**Task:** Every line that holds the word "hnum" needs to be copied from the data below.

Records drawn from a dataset
(* Let $1<p<N$, $q>0$, $\mu>0$, $g(s)=\frac{(p-1)^{q-p+1}}{\mu^q}(1+\mu s)^{p-1}|\ln(1+\mu s)|^{q-1}\ln(1+\mu s)$ for $s>-1/\mu$, and $G(s)=\int_0^sg(t)\,dt$. Then $H(s):=g(s)s-pG(s)\to+\infty$ as $s\to+\infty$. *)

From Stdlib Require Import Reals.
From Coquelicot Require Import Coquelicot.
Open Scope R_scope.

(* |x|^(q-1) * x, with the value 0 at x = 0 (its continuous extension for q > 0). *)
Definition spow (q x : R) : R :=
  if Req_EM_T x 0 then 0 else Rpower (Rabs x) (q - 1) * x.

Definition gfun (p q mu : R) (s : R) : R :=
  Rpower (p - 1) (q - p + 1) / Rpower mu q
  * Rpower (1 + mu * s) (p - 1) * spow q (ln (1 + mu * s)).

Definition Gfun (p q mu : R) (s : R) : R := RInt (gfun p q mu) 0 s.

Definition Hfun (p q mu : R) (s : R) : R := gfun p q mu s * s - p * Gfun p q mu s.

From Stdlib Require Import Reals Lra Psatz.
From Coquelicot Require Import Coquelicot.
Open Scope R_scope.

(* With t = 1 + mu s and L = ln t, for s > 0 one has g = C t^(p-1) L^q and
   H' = g' s - (p-1) g = C t^(p-2) L^(q-1) (q (t-1) - (p-1) L).
   Since ln t = o(t), the bracket is eventually at least q t / 2, and since
   ln L = o(L), t^(p-1) L^(q-1) = exp((p-1) L + (q-1) ln L) is eventually at
   least 1.  Hence H' is eventually bounded below by C q / 2 > 0, and H grows
   at least linearly. *)

Lemma is_lim_affine_p_infty (a c : R) :
  0 < c -> is_lim (fun x => a + c * x) p_infty p_infty.
Proof.
  intros hc P [M HM]. exists ((M - a) / c). intros x hx. apply HM.
  apply (Rmult_lt_compat_l c) in hx; [|exact hc].
  replace (c * ((M - a) / c)) with (M - a) in hx by (field; lra). lra.
Qed.

Lemma is_lim_p_infty_of_derive_ge (f df : R -> R) (c : R) :
  0 < c -> Rbar_locally p_infty (fun x => is_derive f x (df x) /\ c <= df x) ->
  is_lim f p_infty p_infty.
Proof.
  intros hc [M HM]. set (a := M + 1).
  apply (is_lim_le_p_loc (fun x => (f a - c * a) + c * x));
    [|exact (is_lim_affine_p_infty _ _ hc)].
  exists a. intros x hx.
  destruct (MVT_gen f a x df) as [xi [hxi hmvt]];
    rewrite ?Rmin_left, ?Rmax_right in * by lra.
  - intros y hy. apply HM. unfold a in *. lra.
  - intros y hy. apply continuity_pt_filterlim, (ex_derive_continuous (V := R_NormedModule)).
    exists (df y). apply HM. unfold a in *. lra.
  - assert (hd : c <= df xi) by (apply HM; unfold a in *; lra).
    assert (c * (x - a) <= df xi * (x - a)) by (apply Rmult_le_compat_r; lra).
    lra.
Qed.

Lemma eventually_mul_ln_le (a c : R) :
  0 < c -> Rbar_locally p_infty (fun t => a * ln t <= c * t).
Proof.
  intros hc. set (eps := c / (Rabs a + 1)).
  assert (heps : 0 < eps) by (apply Rdiv_lt_0_compat; [|pose proof (Rabs_pos a)]; lra).
  assert (hlim : Rbar_locally p_infty (fun t => Rabs (ln t / t - 0) < eps))
    by exact (is_lim_div_ln_p _ (locally_ball 0 (mkposreal _ heps))).
  apply (filter_imp (fun t => 1 < t /\ Rabs (ln t / t - 0) < eps));
    [|apply filter_and; [exists 1; tauto | exact hlim]].
  intros t [ht hln]. rewrite Rminus_0_r in hln.
  apply Rabs_lt_between in hln as [_ hln].
  assert (hL : 0 < ln t) by (rewrite <- ln_1; apply ln_increasing; lra).
  assert (hlt : ln t < eps * t).
  { replace (ln t) with (ln t / t * t) by (field; lra). nra. }
  assert (hc' : (Rabs a + 1) * eps = c) by (unfold eps; field; pose proof (Rabs_pos a); lra).
  assert (a * ln t <= Rabs a * ln t) by (apply Rmult_le_compat_r; [lra | apply RRle_abs]).
  pose proof (Rabs_pos a). nra.
Qed.

Lemma spow_pos (q x : R) : 0 < x -> spow q x = Rpower x q.
Proof.
  intros hx. unfold spow. destruct (Req_EM_T x 0); [lra|].
  rewrite Rabs_pos_eq by lra. rewrite <- (Rpower_1 x) at 2 by exact hx.
  rewrite <- Rpower_plus. f_equal. ring.
Qed.

Lemma Rabs_spow (q x : R) : x <> 0 -> Rabs (spow q x) = Rpower (Rabs x) q.
Proof.
  intros hx. unfold spow. destruct (Req_EM_T x 0); [contradiction|].
  assert (hax : 0 < Rabs x) by (apply Rabs_pos_lt; exact hx).
  rewrite Rabs_mult, (Rabs_pos_eq (Rpower _ _)) by (left; apply exp_pos).
  rewrite <- (Rpower_1 (Rabs x)) at 2 by exact hax.
  rewrite <- Rpower_plus. f_equal. ring.
Qed.

Lemma continuous_spow_0 (q : R) : 0 < q -> continuous (spow q) 0.
Proof.
  intros hq. apply filterlim_locally. intros eps.
  assert (hd : 0 < Rpower eps (/ q)) by apply exp_pos.
  exists (mkposreal _ hd). intros x hx.
  change (Rabs (x - 0) < Rpower eps (/ q)) in hx.
  change (Rabs (spow q x - spow q 0) < eps).
  rewrite Rminus_0_r in hx.
  replace (spow q 0) with 0 by (unfold spow; destruct (Req_EM_T 0 0); lra).
  rewrite Rminus_0_r.
  destruct (Req_EM_T x 0) as [->|hx0].
  - unfold spow. destruct (Req_EM_T 0 0); [|lra]. rewrite Rabs_R0. apply cond_pos.
  - rewrite Rabs_spow by exact hx0.
    apply Rlt_le_trans with (Rpower (Rpower eps (/ q)) q).
    + apply Rlt_Rpower_l; [exact hq | split; [apply Rabs_pos_lt|]; assumption].
    + rewrite Rpower_mult, Rinv_l, Rpower_1 by (try apply cond_pos; lra). lra.
Qed.

Definition gcoef (p q mu : R) : R := Rpower (p - 1) (q - p + 1) / Rpower mu q.

Lemma gcoef_pos (p q mu : R) : 0 < gcoef p q mu.
Proof. apply Rdiv_lt_0_compat; apply exp_pos. Qed.

Definition dHfun (p q mu s : R) : R :=
  gfun p q mu s * (q * (mu * s) - (p - 1) * ln (1 + mu * s))
  / ((1 + mu * s) * ln (1 + mu * s)).

Section Hfun_derivative.

Variables p q mu : R.
Hypothesis hq : 0 < q.
Hypothesis hmu : 0 < mu.

Lemma ln_1_plus_pos (s : R) : 0 < s -> 0 < ln (1 + mu * s).
Proof. intros hs. rewrite <- ln_1. apply ln_increasing; nra. Qed.

Lemma gfun_exp (s : R) : 0 < s ->
  gfun p q mu s
  = gcoef p q mu * exp ((p - 1) * ln (1 + mu * s) + q * ln (ln (1 + mu * s))).
Proof.
  intros hs. unfold gfun. rewrite spow_pos by exact (ln_1_plus_pos s hs).
  rewrite exp_plus. unfold gcoef, Rpower. ring.
Qed.

Lemma is_derive_gfun (s : R) : 0 < s ->
  is_derive (gfun p q mu) s
    (gfun p q mu s * (mu * ((p - 1) * ln (1 + mu * s) + q)
                      / ((1 + mu * s) * ln (1 + mu * s)))).
Proof.
  intros hs. pose proof (ln_1_plus_pos s hs) as hL.
  apply (is_derive_ext_loc (fun y => gcoef p q mu
           * exp ((p - 1) * ln (1 + mu * y) + q * ln (ln (1 + mu * y))))).
  { apply (locally_interval _ s 0 p_infty); [exact hs | exact I|].
    intros y hy _. symmetry. exact (gfun_exp y hy). }
  rewrite (gfun_exp s hs). auto_derive.
  - repeat split; nra.
  - field. split; nra.
Qed.

Lemma continuous_gfun (s : R) : 0 <= s -> continuous (gfun p q mu) s.
Proof.
  intros [hs | <-].
  { apply (ex_derive_continuous (V := R_NormedModule)).
    eexists. exact (is_derive_gfun s hs). }
  apply (continuous_mult (fun s => gcoef p q mu * Rpower (1 + mu * s) (p - 1))
                          (fun s => spow q (ln (1 + mu * s)))).
  - apply (ex_derive_continuous (V := R_NormedModule)).
    unfold Rpower. auto_derive. lra.
  - apply (continuous_comp (fun s => ln (1 + mu * s)) (spow q)).
    + apply (ex_derive_continuous (V := R_NormedModule)). auto_derive. lra.
    + rewrite Rmult_0_r, Rplus_0_r, ln_1. exact (continuous_spow_0 q hq).
Qed.

Lemma is_derive_Gfun (s : R) : 0 < s -> is_derive (Gfun p q mu) s (gfun p q mu s).
Proof.
  intros hs. apply is_derive_RInt with (a := 0).
  - apply (locally_interval _ s 0 p_infty); [exact hs | exact I|].
    intros b hb _. simpl in hb. apply (RInt_correct (V := R_CompleteNormedModule)).
    apply (ex_RInt_continuous (V := R_CompleteNormedModule)).
    intros z hz. rewrite Rmin_left in hz by lra. apply continuous_gfun. lra.
  - apply continuous_gfun. lra.
Qed.

Lemma is_derive_Hfun (s : R) : 0 < s ->
  is_derive (Hfun p q mu) s (dHfun p q mu s).
Proof.
  intros hs. pose proof (ln_1_plus_pos s hs) as hL.
  pose proof (is_derive_gfun s hs) as hg. pose proof (is_derive_Gfun s hs) as hG.
  unfold Hfun. auto_derive.
  - split; [eexists; exact hg | split; [eexists; exact hG | exact I]].
  - change (Derive (fun x => gfun p q mu x) s) with (Derive (gfun p q mu) s).
    change (Derive (fun x => Gfun p q mu x) s) with (Derive (Gfun p q mu) s).
    rewrite (is_derive_unique _ _ _ hg), (is_derive_unique _ _ _ hG).
    unfold dHfun. field. split; nra.
Qed.

(* The last hypothesis is t^(p-1) L^(q-1) >= 1 after taking logarithms. *)
Lemma dHfun_ge (s : R) : 4 < 1 + mu * s ->
  (p - 1) * ln (1 + mu * s) <= q / 4 * (1 + mu * s) ->
  0 <= (p - 1) * ln (1 + mu * s) + (q - 1) * ln (ln (1 + mu * s)) ->
  gcoef p q mu * q / 2 <= dHfun p q mu s.
Proof.
  intros ht hlin hexp.
  assert (hs : 0 < s) by nra.
  pose proof (ln_1_plus_pos s hs) as hL. pose proof (gcoef_pos p q mu) as hC.
  set (t := 1 + mu * s) in *. set (L := ln t) in *.
  set (E := exp ((p - 1) * L + (q - 1) * ln L)).
  assert (hE : 1 <= E) by (pose proof (exp_ineq1_le ((p - 1) * L + (q - 1) * ln L)); unfold E; lra).
  assert (hg : gfun p q mu s = gcoef p q mu * E * L).
  { rewrite (gfun_exp s hs). fold t L. unfold E.
    replace ((p - 1) * L + q * ln L) with ((p - 1) * L + (q - 1) * ln L + ln L) by ring.
    rewrite exp_plus, exp_ln by exact hL. ring. }
  assert (hnum : q * t / 2 <= q * (mu * s) - (p - 1) * L)
    by (replace (mu * s) with (t - 1) by (unfold t; ring); nra).
  unfold dHfun. fold t L. rewrite hg.
  replace (gcoef p q mu * E * L * (q * (mu * s) - (p - 1) * L) / (t * L))
    with (gcoef p q mu * E * (q * (mu * s) - (p - 1) * L) / t) by (field; lra).
  apply (Rmult_le_reg_r t); [lra|].
  replace (gcoef p q mu * E * (q * (mu * s) - (p - 1) * L) / t * t)
    with (gcoef p q mu * E * (q * (mu * s) - (p - 1) * L)) by (field; lra).
  assert (gcoef p q mu * 1 * (q * t / 2) <= gcoef p q mu * E * (q * (mu * s) - (p - 1) * L)).
  { apply Rmult_le_compat; [nra | nra | apply Rmult_le_compat_l; lra | exact hnum]. }
  nra.
Qed.

Lemma eventually_dHfun_ge : 1 < p ->
  Rbar_locally p_infty (fun s =>
    is_derive (Hfun p q mu) s (dHfun p q mu s) /\ gcoef p q mu * q / 2 <= dHfun p q mu s).
Proof.
  intros hp.
  pose proof (is_lim_affine_p_infty 1 mu hmu) as ht.
  assert (h4 : Rbar_locally p_infty (fun s => 4 < 1 + mu * s))
    by (apply ht; exists 4; tauto).
  assert (hlin : Rbar_locally p_infty
            (fun s => (p - 1) * ln (1 + mu * s) <= q / 4 * (1 + mu * s)))
    by (apply (ht (fun t => (p - 1) * ln t <= q / 4 * t)), eventually_mul_ln_le; lra).
  assert (hexp : Rbar_locally p_infty (fun s =>
            (1 - q) * ln (ln (1 + mu * s)) <= (p - 1) * ln (1 + mu * s)))
    by (apply (ht (fun t => (1 - q) * ln (ln t) <= (p - 1) * ln t)),
          (is_lim_ln_p (fun L => (1 - q) * ln L <= (p - 1) * L)), eventually_mul_ln_le; lra).
  apply (filter_imp (fun s => 4 < 1 + mu * s /\
           (p - 1) * ln (1 + mu * s) <= q / 4 * (1 + mu * s) /\
           (1 - q) * ln (ln (1 + mu * s)) <= (p - 1) * ln (1 + mu * s)));
    [|apply filter_and; [exact h4 | apply filter_and; assumption]].
  intros s (h4s & hlins & hexps). split.
  - apply is_derive_Hfun. nra.
  - apply dHfun_ge; [exact h4s | exact hlins | lra].
Qed.

End Hfun_derivative.

Theorem lemma3p1 (N p q mu : R) (hp1 : 1 < p) (hpN : p < N) (hq : 0 < q) (hmu : 0 < mu) :
  is_lim (Hfun p q mu) p_infty p_infty.
Proof.
  apply (is_lim_p_infty_of_derive_ge _ (dHfun p q mu) (gcoef p q mu * q / 2)).
  - pose proof (gcoef_pos p q mu). nra.
  - exact (eventually_dHfun_ge p q mu hq hmu hp1).
Qed.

**Expected output:**
  assert (hnum : q * t / 2 <= q * (mu * s) - (p - 1) * L)
  { apply Rmult_le_compat; [nra | nra | apply Rmult_le_compat_l; lra | exact hnum]. }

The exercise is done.